Papa menyuruh supirnya untuk menujuh ke alamat yang di beri bu Leni sebelum kembali kerumah.


Sang supir dengan sabar melaksanakan perintah tuannya.


Sekitar 2 jam akhirnya merka sampai kepada alamat yang diberikan bu Leni.


"Benarkah ini alamatnya?" tanya papa Devon kepada supirnya.


"Benar tuan" jawab supirnya.


"Baiklah, tolong tanyakan kepada security rumah itu, apakah benar itu rumah keluarga Marco" perintah papa kepada supirnya.


"Baik tuan" jawab sang supir dan langsung melaksanakan perintahnya.


Mereka bertiga menunggu di dalam mobil, cukup lama mereka menunggu supirnya kembali, tetapi mereka tetap sabar.


Mereka berharap semoga keluarga Nita cepat ditemukan, mereka tidak ingin ada kesalah pahaman dengan menantunya.


Akhirnya sang supir kembali ke mobil dan memberi sebuah alamat kepada tuannya.


"Pak rumah ini sudah dijual oleh keluarga Marco 7 tahun yang lalu dan security yang bekerja dirumah ini kebetulah adalah mantan security keluarga Marco yang memilih bekerja dengan keluarga yang sekarang menjadi pemilik rumah ini dan ini adalah alamat keluarga Marco setelah pindah dari rumah ini" cerita sang supir kepada tuannya sambil menyerahkan selembar kertas yang bertulis alamat baru keluarga Marco.


"Terima kasih ya dung atas informasinya" ucap papa kepada supirnya.
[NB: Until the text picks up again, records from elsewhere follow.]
(* Let $G$ and $H$ be graphs. Suppose that for every vertex $v \in V(H)$ there exists a subgraph embedding $\varphi_v$ of $H$ into $G$ that is induced with respect to $v$. Then $G \xrightarrow{\cap} H$.
   Context: All graphs are finite and simple. For graphs $G_1=(V_1,E_1)$, $G_2=(V_2,E_2)$, their intersection is $G_1\cap G_2=(V_1\cap V_2, E_1\cap E_2)$. For a graph $G=(V,E)$ and an injective map $\alpha$ defined on $V$, $G^{\alpha}$ is the graph with vertex set $\{\alpha(v): v\in V\}$ and edge set $\{\{\alpha(v),\alpha(w)\}: \{v,w\}\in E\}$. We write $G\xrightarrow{\cap} H$ ($H$ is a self-intersection, or si-subgraph, of $G$) if there exist $k\ge 1$ and injective maps $\alpha_1,\dots,\alpha_k$ on $V(G)$ with $H=G^{\alpha_1}\cap\cdots\cap G^{\alpha_k}$; when $H$ is only specified up to isomorphism, this means $H$ is isomorphic to such an intersection. A subgraph embedding of $H$ into $G$ is an injective map $\varphi: V(H)\to V(G)$ such that $\varphi(u)\varphi(w)\in E(G)$ whenever $uw\in E(H)$. It is induced with respect to $v\in V(H)$ if $\varphi(N_H(v)) = N_G(\varphi(v))\cap \varphi(V(H))$. *)

From mathcomp Require Import all_boot.
Set Implicit Arguments. Unset Strict Implicit. Unset Printing Implicit Defensive.

Definition simple_graph (V : finType) (e : rel V) : Prop :=
  symmetric e /\ irreflexive e.

Definition nbhd (V : finType) (e : rel V) (v : V) : {set V} := [set x | e v x].

Definition subgraph_embedding (W V : finType) (h : rel W) (g : rel V)
    (phi : W -> V) : Prop :=
  injective phi /\ (forall u w, h u w -> g (phi u) (phi w)).

Definition induced_wrt (W V : finType) (h : rel W) (g : rel V)
    (phi : W -> V) (v : W) : Prop :=
  phi @: nbhd h v = nbhd g (phi v) :&: [set phi u | u : W].

Definition img_vertices (V U : finType) (alpha : V -> U) : {set U} :=
  [set alpha v | v : V].
Definition img_edge (V U : finType) (g : rel V) (alpha : V -> U) (x y : U) : bool :=
  [exists v, exists w, [&& g v w, alpha v == x & alpha w == y]].

(* Intersection G^{alpha_1} ∩ ... ∩ G^{alpha_k} (k >= 1 enforced separately). *)
Definition inter_vertices (V U : finType) (k : nat) (alpha : 'I_k -> V -> U) : {set U} :=
  \bigcap_(i < k) img_vertices (alpha i).
Definition inter_edge (V U : finType) (g : rel V) (k : nat) (alpha : 'I_k -> V -> U)
    (x y : U) : bool :=
  [forall i, img_edge g (alpha i) x y].

(* G -->∩ H : H is isomorphic to an intersection of k >= 1 injective copies of G.
   The copies live in an (existentially chosen) finite ambient vertex type U. *)
Definition si_subgraph (V : finType) (g : rel V) (W : finType) (h : rel W) : Prop :=
  exists (U : finType) (k : nat) (alpha : 'I_k -> V -> U),
    [/\ (0 < k)%N,
        (forall i, injective (alpha i)) &
        exists f : W -> U,
          [/\ injective f,
              [set f w | w : W] = inter_vertices alpha &
              forall u w, h u w = inter_edge g alpha (f u) (f w)]].

(* Take one copy of G per embedding phi_v, relabelled so that phi_v(w) becomes the
   common vertex w and every vertex outside the image of phi_v becomes a vertex
   private to that copy.  Using each copy twice, no private vertex survives the
   intersection, whose vertex set is therefore V(H).  Every copy contains the edges
   of H, and a non-edge vw of H is missing from the copy of phi_v because phi_v is
   induced with respect to v. *)

From mathcomp Require Import all_boot.
From Stdlib Require Import ClassicalEpsilon.

Set Implicit Arguments.
Unset Strict Implicit.
Unset Printing Implicit Defensive.

Lemma induced_wrt_edge (W V : finType) (h : rel W) (g : rel V) (phi : W -> V) (v w : W) :
  subgraph_embedding h g phi -> induced_wrt h g phi v ->
  g (phi v) (phi w) -> h v w.
Proof.
move=> [phi_inj _] phi_ind gvw.
have : phi w \in nbhd g (phi v) :&: [set phi u | u : W].
  by rewrite !inE gvw imset_f.
by rewrite -phi_ind => /imsetP [u]; rewrite inE => hvu /phi_inj ->.
Qed.

Section Relabel.

Variables (W V I : finType) (psi : W -> V) (i : I).

Definition relabel (x : V) : W + I * V :=
  if [pick w | psi w == x] is Some w then inl w else inr (i, x).

Lemma relabel_inr (x : V) (p : I * V) : relabel x = inr p -> p.1 = i.
Proof. by rewrite /relabel; case: pickP => [w _|_] // [<-]. Qed.

Lemma relabel_inj : injective relabel.
Proof.
move=> x y; rewrite /relabel.
by case: pickP => [w /eqP <-|_]; case: pickP => [w' /eqP <-|_] // [->].
Qed.

Hypothesis psi_inj : injective psi.

Lemma relabel_eq_inl (x : V) (u : W) : (relabel x == inl u) = (x == psi u).
Proof.
rewrite /relabel; case: pickP => [w /eqP <-|no_preimage] /=.
  by apply/eqP/eqP => [[->] | /psi_inj ->].
by have := no_preimage u; rewrite /= eq_sym => ->.
Qed.

Lemma relabel_psi (u : W) : relabel (psi u) = inl u.
Proof. by apply/eqP; rewrite relabel_eq_inl. Qed.

Lemma img_edge_relabel (g : rel V) (u w : W) :
  img_edge g relabel (inl u) (inl w) = g (psi u) (psi w).
Proof.
apply/existsP/idP => [[x /existsP [y /and3P [gxy]]] | guw].
  by rewrite !relabel_eq_inl => /eqP <- /eqP <-.
by exists (psi u); apply/existsP; exists (psi w); rewrite guw !relabel_eq_inl !eqxx.
Qed.

End Relabel.

Lemma si_subgraph_of_family (V W I : finType) (g : rel V) (h : rel W)
    (psi : I -> W -> V) :
  1 < #|I| -> (forall i, injective (psi i)) ->
  (forall u w, h u w = [forall i, g (psi i u) (psi i w)]) ->
  si_subgraph g h.
Proof.
move=> /card_gt1P [i1 [i2 [_ _ i12]]] psi_inj h_inter.
pose alpha (j : 'I_#|I|) := relabel (psi (enum_val j)) (enum_val j).
have forall_enum (P : pred I) : [forall j : 'I_#|I|, P (enum_val j)] = [forall i, P i].
  apply/forallP/forallP => P_all i //.
  by have := P_all (enum_rank i); rewrite enum_rankK.
exists (W + I * V)%type, #|I|, alpha.
split=> [|j|]; [by apply/card_gt0P; exists i1 | exact: relabel_inj |].
exists inl; split=> [u w [] //||].
- rewrite /inter_vertices /img_vertices.
  apply/setP => -[w|[i x]]; apply/imsetP/bigcapP.
  + by move=> _ j _; apply/imsetP; exists (psi (enum_val j) w);
      rewrite /alpha ?relabel_psi.
  + by move=> _; exists w.
  + by case.
  pose j := enum_rank (if i1 == i then i2 else i1).
  move=> /(_ j isT) /imsetP [y _] /esym /relabel_inr /=.
  rewrite enum_rankK.
  by case: eqP => [<- /eqP|ne /esym //]; rewrite (negbTE i12).
- move=> u w; rewrite h_inter /inter_edge -forall_enum.
  by apply: eq_forallb => j; rewrite /alpha img_edge_relabel.
Qed.

Theorem mainTheorem1 (V : finType) (g : rel V) (W : finType) (h : rel W) :
  simple_graph g -> simple_graph h ->
  (forall v : W, exists phi : W -> V,
      subgraph_embedding h g phi /\ induced_wrt h g phi v) ->
  si_subgraph g h.
Proof.
move=> _ _ /choice [phi phi_emb].
have [psi0 psi0_emb] : exists psi0 : W -> V, subgraph_embedding h g psi0.
  case: (posnP #|W|) => [W0 | /card_gt0P [w0 _]].
    by exists (ffun0 W0); split=> u; have := fintype0 u.
  by exists (phi w0); exact: (phi_emb w0).1.
(* The index None keeps the family nonempty when H has no vertices. *)
pose psi (i : option W * bool) := if i.1 is Some v then phi v else psi0.
have psi_emb (i : option W * bool) : subgraph_embedding h g (psi i).
  by rewrite /psi; case: i.1 => [v|]; [exact: (phi_emb v).1 | exact: psi0_emb].
apply: (@si_subgraph_of_family _ _ _ g h psi).
- by rewrite card_prod card_option card_bool mulSn.
- by move=> i; case: (psi_emb i).
- move=> u w; apply/idP/forallP => [huw i | g_all]; first exact: (psi_emb i).2.
  exact: (induced_wrt_edge (phi_emb u).1 (phi_emb u).2 (g_all (Some u, true))).
Qed.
"Apa kita langsung menujuh ke alamat tersebut tuan?" tanya sang supir.


"Tidak Din, besok saja kita lanjutkan pencarian alamat itu, lebih baik kita pulang saja" jawab papa Devon.


"Baik tuan" jawab supir.


Mereka akhirnya kembali ke rumah setelah mendapatkan informasi bahwa rumah keluarga Marco yang sekarang sudah berganti pemilik rumah.


Bersambung...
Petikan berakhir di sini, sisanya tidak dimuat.